Python Pandas与Numpy数组的搜索性能对比
我正在尝试在pandas的某一列中搜索一个字符串。我听说先对这一列进行排序,然后用searchsorted方法来查找字符串,这样速度会最快。但是我发现,这种方法比直接在同一个numpy数组上用暴力搜索(数组 == 字符串)要慢。为了弄清楚原因,我进行了以下测试:
import timeit
setup4 = '''
import numpy as np, string, random
d = np.array([
u''.join(random.choice(string.ascii_uppercase + string.digits) for _ in range(16))
for _ in range(20000)
],dtype=np.object)
'''
setup5 = '''
import numpy as np, pandas as pd, string, random
header = [
u'A',
u'B',
u'C',
u'D',
u'E',
u'F',
u'G',
u'H',
u'I',
u'J',
u'K',
u'L',
u'M',
u'N'
]
data = [[pd.to_datetime('20140505'),
u''.join(random.choice(string.ascii_uppercase + string.digits) for _ in range(16)),
u''.join(random.choice(string.ascii_uppercase + string.digits) for _ in range(16)),
u'sfgweorfjdfl',
u'dsiofqjwel;dmfv',
u'e3ruiwefjvgoiubg',
u'3124oirjrg;klhbas',
u';3rhfgfbnvsad3r',
pd.to_datetime('20140505'),
u'1234irtjurgbfas',
u'12;rhfd;hb;oasere',
u'124urgfdnv.,sadfg',
u'1rfnhsdjk.dhafgsrdew',
u'safeklrjh2nerfgsd.'
] for _ in range(20000)]
df = pd.DataFrame(data,columns=header)
df_sorted = df.sort(['B','C'])
e = df_sorted['B'].values
'''
setup6 = '''
import numpy as np, pandas as pd, string, random
header = [
u'A',
u'B',
u'C',
u'D',
u'E',
u'F',
u'G',
u'H',
u'I',
u'J',
u'K',
u'L',
u'M',
u'N'
]
data = [[pd.to_datetime('20140505'),
u''.join(random.choice(string.ascii_uppercase + string.digits) for _ in range(16)),
u''.join(random.choice(string.ascii_uppercase + string.digits) for _ in range(16)),
u'sfgweorfjdfl',
u'dsiofqjwel;dmfv',
u'e3ruiwefjvgoiubg',
u'3124oirjrg;klhbas',
u';3rhfgfbnvsad3r',
pd.to_datetime('20140505'),
u'1234irtjurgbfas',
u'12;rhfd;hb;oasere',
u'124urgfdnv.,sadfg',
u'1rfnhsdjk.dhafgsrdew',
u'safeklrjh2nerfgsd.'
] for _ in range(20000)]
df = pd.DataFrame(data,columns=header)
f = df['B'].values
'''
print(timeit.timeit("index = d == u'ASDASD123ASADKHX'", setup=setup4,number=1000))
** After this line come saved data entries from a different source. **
(* The products of two planes
     Q_0 = [0 1 5 x][2 3 4 x],  Q_1 = [0 1 2 x][3 4 5 x],
     Q_2 = [0 2 4 x][1 3 5 x],  Q_3 = [0 4 5 x][1 2 3 x]
   are quadrics through the points 0..5, and the row of M indexed by j lists
   their values at the point j.  Once Q_0..Q_3 are linearly independent, they
   span the 4-dimensional space of quadrics through 0..5, so a quadric through
   all ten points is a nonzero combination sum_s a_s Q_s whose coefficient
   vector is killed by M; such a vector exists iff det M = 0.
   Independence: evaluating a relation sum_s a_s Q_s = 0 at p_i + p_j leaves
   a two-term equation between two coefficients for every pair {i, j} lying
   in a plane of two of the Q_s.  By Grassmann-Plucker relations, Cramer's
   rule on these small systems yields [0134] II a = 0, [1245] II a = 0 and
   [1234] II a_3 = 0, where II is the polynomial of hypothesis (ii).  If
   [0134] = [1245] = 0, a Plucker relation makes [1234] nonzero along with
   the three brackets of a nonzero term of II, and these force a = 0. *)

Section LinearCombinations.
Variable R : comNzRingType.

Lemma eq_lincomb2 (x y c1 c2 l1 r1 l2 r2 : R) :
  l1 = r1 -> l2 = r2 -> x - y = c1 * (l1 - r1) + c2 * (l2 - r2) -> x = y.
Proof. by move=> -> ->; rewrite !subrr !mulr0 addr0 => /subr0_eq. Qed.

Lemma eq_lincomb3 (x y c1 c2 c3 l1 r1 l2 r2 l3 r3 : R) :
  l1 = r1 -> l2 = r2 -> l3 = r3 ->
  x - y = c1 * (l1 - r1) + c2 * (l2 - r2) + c3 * (l3 - r3) -> x = y.
Proof. by move=> -> -> ->; rewrite !subrr !mulr0 !addr0 => /subr0_eq. Qed.

End LinearCombinations.

Lemma cramer2 (R : idomainType) (u v u' v' d x y : R) :
  u * x = v * y -> u' * x = v' * y -> u * v' - v * u' = d -> d != 0 ->
  x = 0 /\ y = 0.
Proof.
move=> e e' <- d0; split; apply: (mulfI d0); rewrite mulr0.
  by apply: (@eq_lincomb2 _ _ _ v' (- v) _ _ _ _ e e'); ring.
by apply: (@eq_lincomb2 _ _ _ u' (- u) _ _ _ _ e e'); ring.
Qed.

Section Bracket.
Variable R : comNzRingType.
Implicit Types u v w x y : 'cV[R]_4.

Definition bracket u v w x : R :=
  \det (\matrix_(i < 4, j < 4) ([:: u; v; w; x]`_j) i 0).

Local Notation co x k := (x (inord k) 0).

Lemma bracketE u v w x : bracket u v w x =
    co u 0*co v 1*co w 2*co x 3 - co u 0*co v 1*co x 2*co w 3 - co u 0*co w 1*co v 2*co x 3
  + co u 0*co w 1*co x 2*co v 3 + co u 0*co x 1*co v 2*co w 3 - co u 0*co x 1*co w 2*co v 3
  - co v 0*co u 1*co w 2*co x 3 + co v 0*co u 1*co x 2*co w 3 + co v 0*co w 1*co u 2*co x 3
  - co v 0*co w 1*co x 2*co u 3 - co v 0*co x 1*co u 2*co w 3 + co v 0*co x 1*co w 2*co u 3
  + co w 0*co u 1*co v 2*co x 3 - co w 0*co u 1*co x 2*co v 3 - co w 0*co v 1*co u 2*co x 3
  + co w 0*co v 1*co x 2*co u 3 + co w 0*co x 1*co u 2*co v 3 - co w 0*co x 1*co v 2*co u 3
  - co x 0*co u 1*co v 2*co w 3 + co x 0*co u 1*co w 2*co v 3 + co x 0*co v 1*co u 2*co w 3
  - co x 0*co v 1*co w 2*co u 3 - co x 0*co w 1*co u 2*co v 3 + co x 0*co w 1*co v 2*co u 3.
Proof.
rewrite /bracket.
have -> : \matrix_(i < 4, j < 4) ([:: u; v; w; x]`_j) i 0 =
          \matrix_(i < 4, j < 4) (fun a b : nat => co [:: u; v; w; x]`_b a) i j.
  by apply/matrixP => i j; rewrite !mxE inord_val.
do 3 rewrite !(expand_det_row _ ord0) !big_ord_recl !big_ord0 /= /cofactor.
rewrite !det_mx11 !mxE /= /bump /= ?add0n ?addn0 ?add1n /=.
ring.
Qed.

Lemma bracket_dup1 u v w : bracket u v w u = 0. Proof. rewrite bracketE; ring. Qed.
Lemma bracket_dup2 u v w : bracket u v w v = 0. Proof. rewrite bracketE; ring. Qed.
Lemma bracket_dup3 u v w : bracket u v w w = 0. Proof. rewrite bracketE; ring. Qed.

Definition bracket_form u v w : 'rV[R]_4 :=
  \row_i cofactor (\matrix_(i < 4, j < 4) ([:: u; v; w; 0]`_j) i 0) i ord_max.

Lemma bracket_formE u v w x : bracket u v w x = (bracket_form u v w *m x) 0 0.
Proof.
rewrite /bracket (expand_det_col _ ord_max) mxE; apply: eq_bigr => i _.
rewrite !mxE mulrC; congr (_ * _); rewrite /cofactor; congr (_ * \det _).
by apply/matrixP => a [[|[|[|//]]] b]; rewrite !mxE.
Qed.

Lemma bracketD u v w x y : bracket u v w (x + y) = bracket u v w x + bracket u v w y.
Proof. by rewrite !bracket_formE mulmxDr mxE. Qed.

End Bracket.

Section QuadraticForms.
Variable F : fieldType.
Implicit Types (l m : 'rV[F]_4) (x : 'cV[F]_4) (c : 'rV[F]_nmon2).

Definition qvec l m : 'rV[F]_nmon2 := \row_k
  (let ij := val (enum_val k : mon2) in
   if ij.1 == ij.2 then l 0 ij.1 * m 0 ij.1
   else l 0 ij.1 * m 0 ij.2 + l 0 ij.2 * m 0 ij.1).

Lemma sum_mon2 (G : 'I_4 * 'I_4 -> F) :
  \sum_(k < nmon2) G (val (enum_val k : mon2)) =
  \sum_(i < 4) \sum_(j < 4 | (i <= j)%N) G (i, j).
Proof.
rewrite -(big_enum_val (fun t : mon2 => G (val t))) pair_big_dep /=.
rewrite [RHS](reindex_omap (val : mon2 -> 'I_4 * 'I_4) insub) /=; last first.
  by move=> ij ij_mon; rewrite insubT.
by apply: eq_big => [[ij ij_mon]|[[i j] ?] _] //=; rewrite insubT /= ij_mon eqxx.
Qed.

Lemma quadform_qvec l m x : quadform (qvec l m) x = (l *m x) 0 0 * (m *m x) 0 0.
Proof.
rewrite /quadform.
under eq_bigr => k _ do rewrite mxE /monval.
rewrite (sum_mon2 (fun ij => (if ij.1 == ij.2 then l 0 ij.1 * m 0 ij.1
   else l 0 ij.1 * m 0 ij.2 + l 0 ij.2 * m 0 ij.1) * (x ij.1 0 * x ij.2 0))) !mxE.
do 4 rewrite !big_mkcond !big_ord_recl !big_ord0 /= /bump /=.
ring.
Qed.

Lemma quadform_mulmx k (a : 'rV[F]_k) (C : 'M[F]_(k, nmon2)) x :
  quadform (a *m C) x = \sum_(s < k) a 0 s * quadform (row s C) x.
Proof.
rewrite /quadform.
under eq_bigr => j _ do rewrite !mxE big_distrl /=.
rewrite exchange_big /=; apply: eq_bigr => s _; rewrite big_distrr /=.
by apply: eq_bigr => j _; rewrite mxE mulrA.
Qed.

Lemma evalmx_quadform c n (p : 'I_10 -> 'cV[F]_4) i :
  (c *m evalmx n p) 0 i = quadform c (p (inord i)).
Proof. by rewrite !mxE; apply: eq_bigr => k _; rewrite mxE. Qed.

End QuadraticForms.

Section PairQuadrics.
Variable F : fieldType.
Variable p : 'I_10 -> 'cV[F]_4.
Implicit Type x : 'cV[F]_4.

Local Notation "[ a b c d ]" := (br p a b c d)
  (a at level 0, b at level 0, c at level 0, d at level 0, format "[ a  b  c  d ]").
Local Notation P i := (pt p i).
print(timeit.timeit("index = e == u'ASDASD123ASADKHX'", setup=setup5,number=1000))
print(timeit.timeit("index = f == u'ASDASD123ASADKHX'", setup=setup6,number=1000))
得到了以下结果:
print(timeit.timeit("index = d == u'ASDASD123ASADKHX'", setup=setup4,number=1000))
0.808505267014
print(timeit.timeit("index = e == u'ASDASD123ASADKHX'", setup=setup5,number=1000))
3.06733738226
print(timeit.timeit("index = f == u'ASDASD123ASADKHX'", setup=setup6,number=1000))
1.64207848896
我想问的是:为什么纯numpy数组的性能要好得多?我怎样才能用从pandas表中提取的数据达到同样的性能呢?
非常感谢。
2 个回答
0
我在IPython中测试了你的代码,除了未排序的数据框外,其他所有版本的性能基本相同。
In [85]:
import numpy as np, string, random
d = np.array([
u''.join(random.choice(string.ascii_uppercase + string.digits) for _ in range(16))
for _ in range(20000)
],dtype=np.object)
header = [
u'A',
u'B',
u'C',
u'D',
u'E',
u'F',
u'G',
u'H',
u'I',
u'J',
u'K',
u'L',
u'M',
u'N'
]
data = [[pd.to_datetime('20140505'),
u''.join(random.choice(string.ascii_uppercase + string.digits) for _ in range(16)),
u''.join(random.choice(string.ascii_uppercase + string.digits) for _ in range(16)),
u'sfgweorfjdfl',
u'dsiofqjwel;dmfv',
u'e3ruiwefjvgoiubg',
u'3124oirjrg;klhbas',
u';3rhfgfbnvsad3r',
pd.to_datetime('20140505'),
u'1234irtjurgbfas',
u'12;rhfd;hb;oasere',
u'124urgfdnv.,sadfg',
u'1rfnhsdjk.dhafgsrdew',
u'safeklrjh2nerfgsd.'
] for _ in range(20000)]
df = pd.DataFrame(data,columns=header)
df_sorted = df.sort(['B','C'])
e = df_sorted['B'].values
f = df['B'].values
%timeit index = d == u'ASDASD123ASADKHX'
%timeit index = e == u'ASDASD123ASADKHX'
%timeit index = f == u'ASDASD123ASADKHX'
1000 loops, best of 3: 536 µs per loop
1000 loops, best of 3: 568 µs per loop
1000 loops, best of 3: 538 µs per loop
0
在DataFrame中,每个字符串都是一个对象,从df['B'].values
得到的是一个对象数组。但是,当你用np.array()
创建字符串数组时,它返回的是一个每个字符串都使用相同字节数的数组。
这里有个例子,a
是一个数据类型为S10
的数组,b
是一个数据类型为对象的数组。
import numpy as np
import random
import string
words = ["".join(random.choice(string.ascii_uppercase) for _ in range(10)) for _ in range(10000)]
a = np.array(words)
b = a.astype("O")
%timeit a == "123"
%timeit b == "123"
输出结果:
10000 loops, best of 3: 122 µs per loop
10000 loops, best of 3: 164 µs per loop